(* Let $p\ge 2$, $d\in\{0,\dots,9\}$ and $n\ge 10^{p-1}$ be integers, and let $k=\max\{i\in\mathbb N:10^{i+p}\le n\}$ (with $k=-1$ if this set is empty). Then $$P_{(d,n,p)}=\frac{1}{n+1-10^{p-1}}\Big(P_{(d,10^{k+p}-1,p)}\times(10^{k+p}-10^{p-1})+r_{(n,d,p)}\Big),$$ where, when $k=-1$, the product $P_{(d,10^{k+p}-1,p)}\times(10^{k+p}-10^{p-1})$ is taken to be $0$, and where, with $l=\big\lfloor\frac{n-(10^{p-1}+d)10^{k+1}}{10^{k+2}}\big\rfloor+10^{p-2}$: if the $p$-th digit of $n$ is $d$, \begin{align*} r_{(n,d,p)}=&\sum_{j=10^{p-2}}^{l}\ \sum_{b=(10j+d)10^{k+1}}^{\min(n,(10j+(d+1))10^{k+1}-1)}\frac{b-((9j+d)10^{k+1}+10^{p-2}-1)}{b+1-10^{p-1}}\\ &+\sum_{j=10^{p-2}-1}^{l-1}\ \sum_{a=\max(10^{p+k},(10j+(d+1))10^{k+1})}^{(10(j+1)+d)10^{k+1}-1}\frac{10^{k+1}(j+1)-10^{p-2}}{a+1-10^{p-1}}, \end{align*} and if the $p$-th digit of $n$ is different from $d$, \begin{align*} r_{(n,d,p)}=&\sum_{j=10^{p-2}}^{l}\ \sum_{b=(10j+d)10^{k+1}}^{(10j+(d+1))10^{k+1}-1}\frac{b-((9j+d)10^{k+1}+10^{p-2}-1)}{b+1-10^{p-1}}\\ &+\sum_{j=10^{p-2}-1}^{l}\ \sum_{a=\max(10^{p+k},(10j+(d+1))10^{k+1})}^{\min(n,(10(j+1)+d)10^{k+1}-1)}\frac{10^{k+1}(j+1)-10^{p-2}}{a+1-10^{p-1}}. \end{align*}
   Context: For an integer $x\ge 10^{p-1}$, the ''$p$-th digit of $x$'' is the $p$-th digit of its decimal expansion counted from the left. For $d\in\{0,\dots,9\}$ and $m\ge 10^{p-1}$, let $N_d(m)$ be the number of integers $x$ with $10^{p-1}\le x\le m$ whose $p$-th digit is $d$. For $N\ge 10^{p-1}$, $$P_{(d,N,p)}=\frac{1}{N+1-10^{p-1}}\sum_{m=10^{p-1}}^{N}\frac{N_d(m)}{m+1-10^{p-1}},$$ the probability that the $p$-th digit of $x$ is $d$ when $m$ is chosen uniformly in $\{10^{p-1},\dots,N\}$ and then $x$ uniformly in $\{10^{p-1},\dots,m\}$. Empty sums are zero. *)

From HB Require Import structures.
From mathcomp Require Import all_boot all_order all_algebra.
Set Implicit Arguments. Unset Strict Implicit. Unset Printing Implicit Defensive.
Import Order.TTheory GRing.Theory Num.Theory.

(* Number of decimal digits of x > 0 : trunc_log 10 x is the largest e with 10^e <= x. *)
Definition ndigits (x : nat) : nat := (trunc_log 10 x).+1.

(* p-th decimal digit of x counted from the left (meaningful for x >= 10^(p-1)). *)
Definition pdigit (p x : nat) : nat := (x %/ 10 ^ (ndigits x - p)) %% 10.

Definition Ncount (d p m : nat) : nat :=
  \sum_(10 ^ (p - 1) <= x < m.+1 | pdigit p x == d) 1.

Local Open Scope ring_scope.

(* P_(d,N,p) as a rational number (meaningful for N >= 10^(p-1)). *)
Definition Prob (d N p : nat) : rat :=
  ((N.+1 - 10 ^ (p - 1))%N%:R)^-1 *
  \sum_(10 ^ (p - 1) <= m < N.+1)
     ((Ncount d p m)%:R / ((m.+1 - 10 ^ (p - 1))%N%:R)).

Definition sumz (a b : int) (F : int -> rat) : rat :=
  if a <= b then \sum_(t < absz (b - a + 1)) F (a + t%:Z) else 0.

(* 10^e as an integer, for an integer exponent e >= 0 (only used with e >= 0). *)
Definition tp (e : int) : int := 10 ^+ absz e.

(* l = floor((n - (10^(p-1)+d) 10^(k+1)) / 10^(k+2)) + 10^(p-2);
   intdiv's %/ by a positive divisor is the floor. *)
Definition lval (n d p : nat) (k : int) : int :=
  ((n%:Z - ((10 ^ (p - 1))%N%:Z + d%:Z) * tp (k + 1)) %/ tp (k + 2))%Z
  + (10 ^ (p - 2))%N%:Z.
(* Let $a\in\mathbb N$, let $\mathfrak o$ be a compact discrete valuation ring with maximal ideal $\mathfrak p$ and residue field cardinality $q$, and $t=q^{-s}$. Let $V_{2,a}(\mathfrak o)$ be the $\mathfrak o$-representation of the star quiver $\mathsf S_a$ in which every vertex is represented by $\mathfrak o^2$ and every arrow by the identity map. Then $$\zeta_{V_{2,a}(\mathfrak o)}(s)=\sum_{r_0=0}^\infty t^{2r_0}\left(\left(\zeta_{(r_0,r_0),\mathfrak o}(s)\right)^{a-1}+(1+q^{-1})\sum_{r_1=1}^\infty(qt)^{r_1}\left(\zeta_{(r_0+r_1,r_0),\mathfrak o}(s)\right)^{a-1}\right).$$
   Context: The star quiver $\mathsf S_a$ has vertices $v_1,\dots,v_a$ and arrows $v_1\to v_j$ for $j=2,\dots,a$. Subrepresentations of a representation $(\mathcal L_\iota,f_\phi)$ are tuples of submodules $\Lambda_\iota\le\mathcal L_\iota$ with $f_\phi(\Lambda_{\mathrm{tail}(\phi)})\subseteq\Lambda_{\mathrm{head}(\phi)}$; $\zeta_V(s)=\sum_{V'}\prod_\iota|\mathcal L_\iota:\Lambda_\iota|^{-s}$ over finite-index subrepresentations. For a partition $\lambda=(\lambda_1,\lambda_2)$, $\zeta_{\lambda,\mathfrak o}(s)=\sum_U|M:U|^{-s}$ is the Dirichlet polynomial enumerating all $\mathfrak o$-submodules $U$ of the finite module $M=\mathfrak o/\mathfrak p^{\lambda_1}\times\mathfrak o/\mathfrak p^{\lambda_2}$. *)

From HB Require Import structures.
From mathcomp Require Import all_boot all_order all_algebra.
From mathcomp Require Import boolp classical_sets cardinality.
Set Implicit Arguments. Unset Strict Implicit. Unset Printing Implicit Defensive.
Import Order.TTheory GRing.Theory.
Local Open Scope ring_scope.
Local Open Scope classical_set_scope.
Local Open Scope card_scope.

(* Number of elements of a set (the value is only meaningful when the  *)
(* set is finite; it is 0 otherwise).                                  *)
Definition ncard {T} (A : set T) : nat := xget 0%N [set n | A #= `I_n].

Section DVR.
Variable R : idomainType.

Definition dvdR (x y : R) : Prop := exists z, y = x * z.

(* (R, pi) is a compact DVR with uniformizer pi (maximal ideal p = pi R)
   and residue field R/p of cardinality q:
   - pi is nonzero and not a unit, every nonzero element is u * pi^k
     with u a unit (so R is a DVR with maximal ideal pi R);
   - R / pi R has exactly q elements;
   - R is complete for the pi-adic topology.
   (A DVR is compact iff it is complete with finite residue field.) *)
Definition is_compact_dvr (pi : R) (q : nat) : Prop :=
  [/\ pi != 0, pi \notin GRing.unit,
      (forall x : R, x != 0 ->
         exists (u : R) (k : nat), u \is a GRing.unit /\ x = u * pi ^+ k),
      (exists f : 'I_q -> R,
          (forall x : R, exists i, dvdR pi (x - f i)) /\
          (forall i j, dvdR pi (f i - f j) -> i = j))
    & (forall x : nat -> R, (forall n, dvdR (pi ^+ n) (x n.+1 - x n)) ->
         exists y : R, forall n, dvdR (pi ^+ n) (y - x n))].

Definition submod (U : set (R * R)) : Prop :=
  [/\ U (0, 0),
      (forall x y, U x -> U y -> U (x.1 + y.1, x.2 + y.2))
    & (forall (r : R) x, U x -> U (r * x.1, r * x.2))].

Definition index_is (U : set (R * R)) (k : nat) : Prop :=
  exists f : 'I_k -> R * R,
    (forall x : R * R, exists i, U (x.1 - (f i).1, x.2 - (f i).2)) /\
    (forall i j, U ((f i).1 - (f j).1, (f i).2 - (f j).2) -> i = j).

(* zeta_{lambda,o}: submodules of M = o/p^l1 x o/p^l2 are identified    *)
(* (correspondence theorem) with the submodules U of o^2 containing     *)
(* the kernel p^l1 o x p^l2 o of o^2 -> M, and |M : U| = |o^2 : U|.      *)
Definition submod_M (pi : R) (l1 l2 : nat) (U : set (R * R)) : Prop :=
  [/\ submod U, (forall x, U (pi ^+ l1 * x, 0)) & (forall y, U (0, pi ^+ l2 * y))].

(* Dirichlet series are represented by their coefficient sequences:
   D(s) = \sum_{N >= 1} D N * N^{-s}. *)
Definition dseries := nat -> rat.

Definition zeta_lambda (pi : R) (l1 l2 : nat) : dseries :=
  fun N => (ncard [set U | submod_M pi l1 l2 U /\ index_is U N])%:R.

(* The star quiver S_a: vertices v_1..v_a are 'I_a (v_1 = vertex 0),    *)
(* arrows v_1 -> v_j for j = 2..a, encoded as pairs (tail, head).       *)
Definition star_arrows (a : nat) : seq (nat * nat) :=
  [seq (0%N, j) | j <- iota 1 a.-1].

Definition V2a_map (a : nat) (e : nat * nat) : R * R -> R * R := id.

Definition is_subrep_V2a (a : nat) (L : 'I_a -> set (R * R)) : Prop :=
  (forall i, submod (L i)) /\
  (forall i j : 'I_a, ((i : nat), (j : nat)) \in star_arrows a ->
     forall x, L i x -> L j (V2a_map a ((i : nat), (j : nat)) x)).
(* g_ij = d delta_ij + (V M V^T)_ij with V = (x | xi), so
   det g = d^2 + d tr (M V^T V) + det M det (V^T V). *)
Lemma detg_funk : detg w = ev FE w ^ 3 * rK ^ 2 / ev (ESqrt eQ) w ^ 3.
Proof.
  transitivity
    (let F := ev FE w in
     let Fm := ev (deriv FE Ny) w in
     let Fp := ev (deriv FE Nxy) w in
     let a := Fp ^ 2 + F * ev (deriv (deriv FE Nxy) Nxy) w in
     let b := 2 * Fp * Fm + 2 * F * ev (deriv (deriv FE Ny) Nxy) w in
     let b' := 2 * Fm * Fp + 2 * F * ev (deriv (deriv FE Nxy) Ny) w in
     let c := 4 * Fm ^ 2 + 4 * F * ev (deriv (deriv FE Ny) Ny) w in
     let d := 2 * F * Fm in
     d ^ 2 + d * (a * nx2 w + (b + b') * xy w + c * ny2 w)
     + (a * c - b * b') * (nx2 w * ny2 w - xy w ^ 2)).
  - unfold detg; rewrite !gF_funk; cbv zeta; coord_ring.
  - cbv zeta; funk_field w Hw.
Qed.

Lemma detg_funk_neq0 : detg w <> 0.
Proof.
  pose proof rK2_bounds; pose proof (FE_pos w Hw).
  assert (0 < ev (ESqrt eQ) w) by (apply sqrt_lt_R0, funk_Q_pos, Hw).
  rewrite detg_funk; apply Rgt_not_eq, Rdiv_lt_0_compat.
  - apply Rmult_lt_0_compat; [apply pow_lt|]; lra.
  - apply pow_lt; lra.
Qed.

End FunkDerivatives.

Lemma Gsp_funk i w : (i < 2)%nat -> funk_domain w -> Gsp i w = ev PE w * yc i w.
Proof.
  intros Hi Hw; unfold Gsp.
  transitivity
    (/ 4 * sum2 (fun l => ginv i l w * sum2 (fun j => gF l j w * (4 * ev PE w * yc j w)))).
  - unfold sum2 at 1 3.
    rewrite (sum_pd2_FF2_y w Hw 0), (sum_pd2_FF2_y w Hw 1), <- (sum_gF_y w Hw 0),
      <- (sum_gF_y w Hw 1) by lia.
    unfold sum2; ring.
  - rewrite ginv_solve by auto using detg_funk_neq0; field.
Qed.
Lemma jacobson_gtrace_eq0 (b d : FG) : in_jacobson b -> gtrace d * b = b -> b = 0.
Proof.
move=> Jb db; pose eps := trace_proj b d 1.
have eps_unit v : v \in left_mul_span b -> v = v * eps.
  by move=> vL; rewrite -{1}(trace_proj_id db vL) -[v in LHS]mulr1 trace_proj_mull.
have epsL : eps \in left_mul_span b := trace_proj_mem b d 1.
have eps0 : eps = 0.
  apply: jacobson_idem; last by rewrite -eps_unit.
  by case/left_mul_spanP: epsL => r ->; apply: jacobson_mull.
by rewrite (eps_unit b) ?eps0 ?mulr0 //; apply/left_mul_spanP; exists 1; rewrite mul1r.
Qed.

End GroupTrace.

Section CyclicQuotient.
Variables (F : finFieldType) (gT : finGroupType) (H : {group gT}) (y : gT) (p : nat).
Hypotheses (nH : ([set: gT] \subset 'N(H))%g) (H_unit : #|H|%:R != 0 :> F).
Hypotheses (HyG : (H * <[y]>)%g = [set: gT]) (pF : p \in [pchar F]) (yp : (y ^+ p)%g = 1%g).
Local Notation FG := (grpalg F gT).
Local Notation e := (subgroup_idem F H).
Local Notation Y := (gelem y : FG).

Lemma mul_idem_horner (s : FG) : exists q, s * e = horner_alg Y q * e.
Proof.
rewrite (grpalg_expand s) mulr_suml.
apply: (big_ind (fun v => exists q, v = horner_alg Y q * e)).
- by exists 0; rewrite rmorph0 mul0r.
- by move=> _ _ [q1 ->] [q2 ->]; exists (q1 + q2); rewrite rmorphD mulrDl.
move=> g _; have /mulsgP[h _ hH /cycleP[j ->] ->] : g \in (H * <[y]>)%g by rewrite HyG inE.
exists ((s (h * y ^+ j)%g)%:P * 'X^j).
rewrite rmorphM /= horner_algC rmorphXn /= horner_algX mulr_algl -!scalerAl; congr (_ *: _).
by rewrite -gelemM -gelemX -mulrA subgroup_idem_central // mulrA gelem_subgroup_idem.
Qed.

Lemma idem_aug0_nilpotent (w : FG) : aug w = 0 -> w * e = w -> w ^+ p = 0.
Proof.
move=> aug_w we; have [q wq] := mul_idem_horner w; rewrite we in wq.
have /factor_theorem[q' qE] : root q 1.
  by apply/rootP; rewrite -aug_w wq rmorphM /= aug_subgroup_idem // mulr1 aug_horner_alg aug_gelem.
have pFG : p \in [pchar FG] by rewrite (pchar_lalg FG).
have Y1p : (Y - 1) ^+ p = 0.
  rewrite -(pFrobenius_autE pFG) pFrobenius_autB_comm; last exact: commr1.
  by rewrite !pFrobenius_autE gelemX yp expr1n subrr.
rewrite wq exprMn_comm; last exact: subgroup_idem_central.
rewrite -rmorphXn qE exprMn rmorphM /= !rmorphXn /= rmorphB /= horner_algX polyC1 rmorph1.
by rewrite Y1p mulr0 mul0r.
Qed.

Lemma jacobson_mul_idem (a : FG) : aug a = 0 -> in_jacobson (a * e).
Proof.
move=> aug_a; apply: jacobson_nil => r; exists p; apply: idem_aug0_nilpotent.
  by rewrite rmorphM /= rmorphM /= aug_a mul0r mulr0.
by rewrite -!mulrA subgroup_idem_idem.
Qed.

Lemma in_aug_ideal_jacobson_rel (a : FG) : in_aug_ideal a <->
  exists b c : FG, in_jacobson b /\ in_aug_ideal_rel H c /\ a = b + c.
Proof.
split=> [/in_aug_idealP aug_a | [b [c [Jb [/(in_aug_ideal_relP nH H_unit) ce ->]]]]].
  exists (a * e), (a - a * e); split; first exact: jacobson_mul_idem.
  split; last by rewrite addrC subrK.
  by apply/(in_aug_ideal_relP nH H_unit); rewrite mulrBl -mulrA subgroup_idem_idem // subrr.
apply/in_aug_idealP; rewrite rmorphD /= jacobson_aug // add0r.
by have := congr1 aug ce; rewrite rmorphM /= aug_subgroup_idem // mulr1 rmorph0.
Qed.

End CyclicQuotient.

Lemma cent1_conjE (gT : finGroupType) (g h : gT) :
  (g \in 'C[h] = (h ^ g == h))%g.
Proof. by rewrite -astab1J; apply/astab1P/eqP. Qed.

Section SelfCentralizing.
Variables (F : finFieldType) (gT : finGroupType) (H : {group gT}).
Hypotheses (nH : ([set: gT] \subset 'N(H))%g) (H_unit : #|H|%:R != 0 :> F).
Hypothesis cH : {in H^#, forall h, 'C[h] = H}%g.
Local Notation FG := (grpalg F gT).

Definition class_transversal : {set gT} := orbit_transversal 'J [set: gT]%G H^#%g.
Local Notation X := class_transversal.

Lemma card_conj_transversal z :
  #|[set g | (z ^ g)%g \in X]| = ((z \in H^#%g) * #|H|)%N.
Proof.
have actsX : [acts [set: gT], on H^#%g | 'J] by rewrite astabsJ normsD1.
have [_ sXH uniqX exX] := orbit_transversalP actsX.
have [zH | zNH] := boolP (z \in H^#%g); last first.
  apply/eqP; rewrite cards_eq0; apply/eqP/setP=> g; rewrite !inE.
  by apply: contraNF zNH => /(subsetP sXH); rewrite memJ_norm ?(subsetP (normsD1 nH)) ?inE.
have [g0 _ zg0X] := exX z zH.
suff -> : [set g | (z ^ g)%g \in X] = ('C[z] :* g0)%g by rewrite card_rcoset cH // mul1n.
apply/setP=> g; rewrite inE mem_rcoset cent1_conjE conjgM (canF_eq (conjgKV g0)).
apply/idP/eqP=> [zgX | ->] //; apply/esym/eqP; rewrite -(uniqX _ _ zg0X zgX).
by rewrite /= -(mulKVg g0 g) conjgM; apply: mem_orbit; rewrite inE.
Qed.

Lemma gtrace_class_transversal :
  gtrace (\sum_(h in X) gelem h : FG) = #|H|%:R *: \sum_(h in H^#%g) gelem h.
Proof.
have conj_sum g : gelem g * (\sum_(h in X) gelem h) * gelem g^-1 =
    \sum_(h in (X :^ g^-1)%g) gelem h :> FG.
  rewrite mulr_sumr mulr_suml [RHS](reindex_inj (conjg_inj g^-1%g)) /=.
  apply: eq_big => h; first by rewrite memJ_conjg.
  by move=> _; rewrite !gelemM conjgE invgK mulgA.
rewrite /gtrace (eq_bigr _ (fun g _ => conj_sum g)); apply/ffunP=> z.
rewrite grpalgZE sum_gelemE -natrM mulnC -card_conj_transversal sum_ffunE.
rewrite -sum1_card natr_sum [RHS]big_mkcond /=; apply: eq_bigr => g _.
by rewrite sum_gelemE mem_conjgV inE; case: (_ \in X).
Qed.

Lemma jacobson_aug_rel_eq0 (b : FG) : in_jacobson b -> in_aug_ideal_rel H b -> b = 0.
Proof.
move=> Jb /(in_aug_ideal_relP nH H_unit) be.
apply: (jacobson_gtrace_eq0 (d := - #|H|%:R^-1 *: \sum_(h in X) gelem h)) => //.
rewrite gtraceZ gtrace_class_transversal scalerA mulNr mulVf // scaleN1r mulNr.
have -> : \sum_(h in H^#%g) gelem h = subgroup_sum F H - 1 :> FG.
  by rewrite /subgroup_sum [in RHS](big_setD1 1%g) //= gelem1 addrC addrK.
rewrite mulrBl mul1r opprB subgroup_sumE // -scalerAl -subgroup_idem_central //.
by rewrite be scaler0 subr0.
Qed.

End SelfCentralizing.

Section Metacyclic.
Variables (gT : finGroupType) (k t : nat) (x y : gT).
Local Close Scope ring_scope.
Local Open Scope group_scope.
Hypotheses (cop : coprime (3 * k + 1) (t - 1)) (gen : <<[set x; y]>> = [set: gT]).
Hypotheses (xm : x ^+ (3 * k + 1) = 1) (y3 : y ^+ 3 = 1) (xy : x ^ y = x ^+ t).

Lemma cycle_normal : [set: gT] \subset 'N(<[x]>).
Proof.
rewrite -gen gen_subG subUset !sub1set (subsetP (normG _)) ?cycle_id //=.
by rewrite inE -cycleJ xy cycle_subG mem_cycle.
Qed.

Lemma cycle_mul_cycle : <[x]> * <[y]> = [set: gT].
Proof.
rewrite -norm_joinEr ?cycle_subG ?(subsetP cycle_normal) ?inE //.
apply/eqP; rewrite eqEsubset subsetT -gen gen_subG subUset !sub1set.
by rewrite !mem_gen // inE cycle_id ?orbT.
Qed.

→ **REQUIRED WORK**
Starting at the line with "(p - 1) <= m < N.+1)" and ending at the line with "(10 ^ (p - 2))%N%:Z.", print each line of the listing above exactly, with no other lines.

→ **TASK ANSWER**
  \sum_(10 ^ (p - 1) <= m < N.+1)
     ((Ncount d p m)%:R / ((m.+1 - 10 ^ (p - 1))%N%:R)).

Definition sumz (a b : int) (F : int -> rat) : rat :=
  if a <= b then \sum_(t < absz (b - a + 1)) F (a + t%:Z) else 0.

(* 10^e as an integer, for an integer exponent e >= 0 (only used with e >= 0). *)
Definition tp (e : int) : int := 10 ^+ absz e.

(* l = floor((n - (10^(p-1)+d) 10^(k+1)) / 10^(k+2)) + 10^(p-2);
   intdiv's %/ by a positive divisor is the floor. *)
Definition lval (n d p : nat) (k : int) : int :=
  ((n%:Z - ((10 ^ (p - 1))%N%:Z + d%:Z) * tp (k + 1)) %/ tp (k + 2))%Z
  + (10 ^ (p - 2))%N%:Z.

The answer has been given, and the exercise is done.